On November 16, the Office of Civil Rights (OCR) of the U.S. Department of Education announced that it is investigating Cornell and six other schools. Five of the schools are being investigated for anti-semitism, and two are for Islamophobia. The complaints are being brought for violations of Title VI of the Civil Rights Act of 1964, which prohibits discrimination “based on race, color, or national origin.”
Although Title VI does not address discrimination based upon religion, on December 11, 2019, President Trump signed an Executive Order applying Title VI to anti-semitism. The Executive Order used an expansive definition of anti-semitism that included attacking people because they support Israel.
On November 7, 2023, Catherine E. Lhamon, Assistant Secretary for Civil Rights, issued a “Dear Colleague Letter” announcing that OCR believes that Title VI outlaws discrimination based upon “shared ancestry or ethnic characteristics.” This includes discrimination against students and others “who are or are perceived to be Jewish, Israeli, Muslim, Arab, or Palestinian.” As with Lhamon’s past actions, this change is being implemented through a guidance document rather than congressional amendment of Title VI or an agency rulemaking.
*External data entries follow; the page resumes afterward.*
Lemma A3_normal_form (y : 'I_6 -> 'rV[K]_3) :
  y o0 = row3 1 0 0 -> y o1 = row3 0 1 0 -> y o2 = row3 0 0 1 ->
  same_indep_triples (A3 K) y ->
  exists p q r s t : K, [/\ p != 0, q != 0, r != 0, s != 0
    & t != 0 /\ y =1 A3_config p q r s t].
Proof.
move=> y0 y1 y2 Ay.
have dep i j k : \det (rows3 (A3 K i) (A3 K j) (A3 K k)) = 0 ->
    \det (rows3 (y i) (y j) (y k)) = 0.
  by move=> A0; apply/eqP; rewrite -[_ == 0]negbK -Ay A0 eqxx.
have indep i j k : \det (rows3 (A3 K i) (A3 K j) (A3 K k)) != 0 ->
    \det (rows3 (y i) (y j) (y k)) != 0.
  by rewrite Ay.
have w3 : y o3 0 2%:R = 0.
  by rewrite -det_rows3_e01 -y0 -y1; apply: dep; rewrite !A3E det_rows3_e01 !mxE.
have w4 : y o4 0 0 = 0.
  by rewrite -det_rows3_e12 -y1 -y2; apply: dep; rewrite !A3E det_rows3_e12 !mxE.
have w5 : y o5 0 1 = 0.
  by rewrite -det_rows3_e02 -y0 -y2; apply: dep; rewrite !A3E det_rows3_e02 !mxE.
have p0 : y o3 0 0 != 0.
  by rewrite -det_rows3_e12 -y1 -y2; apply: indep; rewrite !A3E det_rows3_e12 !mxE oner_eq0.
have q0 : y o3 0 1 != 0.
  rewrite -det_rows3_e02 -y0 -y2; apply: indep.
  by rewrite !A3E det_rows3_e02 !mxE oppr_eq0 oner_eq0.
have r0 : y o4 0 1 != 0.
  by rewrite -det_rows3_e02 -y0 -y2; apply: indep; rewrite !A3E det_rows3_e02 !mxE oner_eq0.
have s0 : y o4 0 2%:R != 0.
  rewrite -det_rows3_e01 -y0 -y1; apply: indep.
  by rewrite !A3E det_rows3_e01 !mxE oppr_eq0 oner_eq0.
have t0 : y o5 0 0 != 0.
  by rewrite -det_rows3_e12 -y1 -y2; apply: indep; rewrite !A3E det_rows3_e12 !mxE oner_eq0.
have y3E : y o3 = row3 (y o3 0 0) (y o3 0 1) 0 by rewrite -w3 -row3_eta.
have y4E : y o4 = row3 0 (y o4 0 1) (y o4 0 2%:R) by rewrite -w4 -row3_eta.
have y5E : y o5 = row3 (y o5 0 0) 0 (y o5 0 2%:R) by rewrite -w5 -row3_eta.
move: p0 q0 r0 s0 t0 y3E y4E y5E.
set p : K := y o3 0 0; set q : K := y o3 0 1; set r : K := y o4 0 1.
set s : K := y o4 0 2%:R; set t : K := y o5 0 0; set u : K := y o5 0 2%:R.
move=> p0 q0 r0 s0 t0 y3E y4E y5E.
have uE : u = - (q * s * t) / (p * r).
  have := dep o3 o4 o5; rewrite !A3E y3E y4E y5E !det_rows3 => cyc.
  apply: (canRL (mulfK (mulf_neq0 p0 r0))); apply/eqP.
  by rewrite -subr_eq0 opprK -(cyc _); [apply/eqP |]; ring.
exists p, q, r, s, t; split=> //; split=> // -[[|[|[|[|[|[|//]]]]]] i6];
  by rewrite (bool_irrelevance i6 isT) /A3_config /= ?y0 ?y1 ?y2 ?y3E ?y4E ?y5E ?uE.
Qed.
“Hate has no place in our schools, period. When students are targeted because they are—or are perceived to be—Jewish, Muslim, Arab, Sikh, or any other ethnicity or shared ancestry, schools must act to ensure safe and inclusive educational environments where everyone is free to learn,” said U.S. Secretary of Education Miguel Cardona in announcing the decision.
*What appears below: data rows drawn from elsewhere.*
Lemma prod_XsubC_perm (F : fieldType) n (d l : 'I_n -> F) :
  \prod_(i < n) ('X - (d i)%:P) = \prod_(i < n) ('X - (l i)%:P) ->
  exists p : 'S_n, forall i, d i = l (p i).
Proof.
move=> dl; have : perm_eq [tuple d i | i < n] [tuple l i | i < n].
  by apply: prod_XsubC_eq; rewrite /= !big_map -!enumT !big_enum.
case/tuple_permP => p /val_inj dlp; exists p => i.
by have := congr1 (fun t => tnth t i) dlp; rewrite !tnth_mktuple.
Qed.

Lemma char_poly_similar (F : fieldType) n (P D : 'M[F]_n) : P \in unitmx ->
  char_poly (invmx P *m D *m P) = char_poly D.
Proof.
move=> P_unit; rewrite /char_poly /char_poly_mx.
set Q := map_mx polyC (invmx P); set P' := map_mx polyC P.
have QP : Q *m P' = 1%:M by rewrite -map_mxM mulVmx // map_mx1.
have -> : 'X%:M - map_mx polyC (invmx P *m D *m P) = Q *m ('X%:M - map_mx polyC D) *m P'.
  rewrite !map_mxM mulmxBr mulmxBl -/Q -/P'; congr (_ - _).
  by rewrite scalar_mxC -mulmxA QP mulmx1.
by rewrite !det_mulmx mulrAC -det_mulmx QP det1 mul1r.
Qed.

Section RealSymmetric.
Variables (R : realType) (n : nat).
Local Notation toC := (real_complex R).

Lemma sym_spectral (A : 'M[R]_n) (l : 'I_n -> R) : sym_mx A -> eigvec_of A l ->
  exists U (p : 'S_n), U \is unitarymx /\
    map_mx toC A = U^t* *m diag_mx (\row_i (l (p i))%:C) *m U.
Proof.
move=> A_sym A_eig; set Ac := map_mx toC A.
have Ac_herm : Ac^t* = Ac.
  by apply/matrixP => i j; rewrite !mxE -{1}A_sym mxE; exact: conjc_real.
have /orthomx_spectralP Ac_diag : Ac \is normalmx by apply/normalmxP; rewrite Ac_herm.
set U := spectralmx Ac in Ac_diag; set d := spectral_diag Ac in Ac_diag.
have U_unitary : U \is unitarymx by apply: spectral_unitarymx.
have : \prod_(i < n) ('X - (d 0 i)%:P) = \prod_(i < n) ('X - (toC (l i))%:P).
  have <- : char_poly Ac = \prod_(i < n) ('X - (d 0 i)%:P).
    rewrite {1}Ac_diag char_poly_similar ?unitarymx_unit // char_poly_trig ?diag_mx_is_trig //.
    by apply: eq_bigr => i _; rewrite mxE eqxx mulr1n.
  rewrite -map_char_poly A_eig rmorph_prod; apply: eq_bigr => i _.
  exact: map_polyXsubC.
case/prod_XsubC_perm => p dE; exists U, p; split=> //.
rewrite {1}Ac_diag invmx_unitary //; congr (_ *m diag_mx _ *m _).
by apply/rowP => i; rewrite mxE dE.
Qed.

Lemma frobE (A B : 'M[R]_n) : frob A B = \tr (A *m B^T).
Proof.
by apply: eq_bigr => i _; rewrite mxE; apply: eq_bigr => j _; rewrite mxE.
Qed.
Cornell has refused to comment on the investigation, and the Department of Education has not stated whether the investigation was prompted by a Cornellian complaint or by some other source.
RELATED: In wake of Rickford’s comments, Cornell law professor calls for DEI overhaul
Cornell implements Title VI with its Policy 6.4. Cornell never updated Policy 6.4 to include either of the anti-semitism initiatives of the Trump and Biden Administrations.
Typically, such investigations are resolved by the school entering into a consent order agreeing to take steps to address the bias. Ultimately, if the Department is able to prove a violation, a school could lose all federal funding.
First Amendment
The Dear Colleague Letter states,
“OCR interprets its regulations consistent with the requirements of the First Amendment to the U.S. Constitution, and all actions taken by OCR must comport with First Amendment principles. No OCR regulation should be interpreted to impinge upon rights protected under the First Amendment or to require recipients to enact or enforce codes that punish the exercise of such rights.”
However, instead of basing the complaints on a school actively discriminating against a student, the focus is on whether other students at the school created a “hostile environment” via anti-semitism or Islamophobia.
It may be that the only way that the school could prevent that would be by curtailing speech protected by the First Amendment. The Supreme Court addressed this tension in the context of Title IX in the 1999 Davis v. Monroe County Board of Education case. It held that a school could only be held liable for student-on-student harassment “only where the behavior is so severe, pervasive, and objectively offensive that it denies its victims the equal access to education….”
RELATED: Cornell should not throw Rickford to the mob
It is clear that OCR cannot order Cornell to curtail First Amendment activities such as speech, protest or demonstrations on the basis of anti-semitic or Islamophobic content. OCR might try to extract that from Cornell when it settles the investigation, but no court is likely to allow such a result.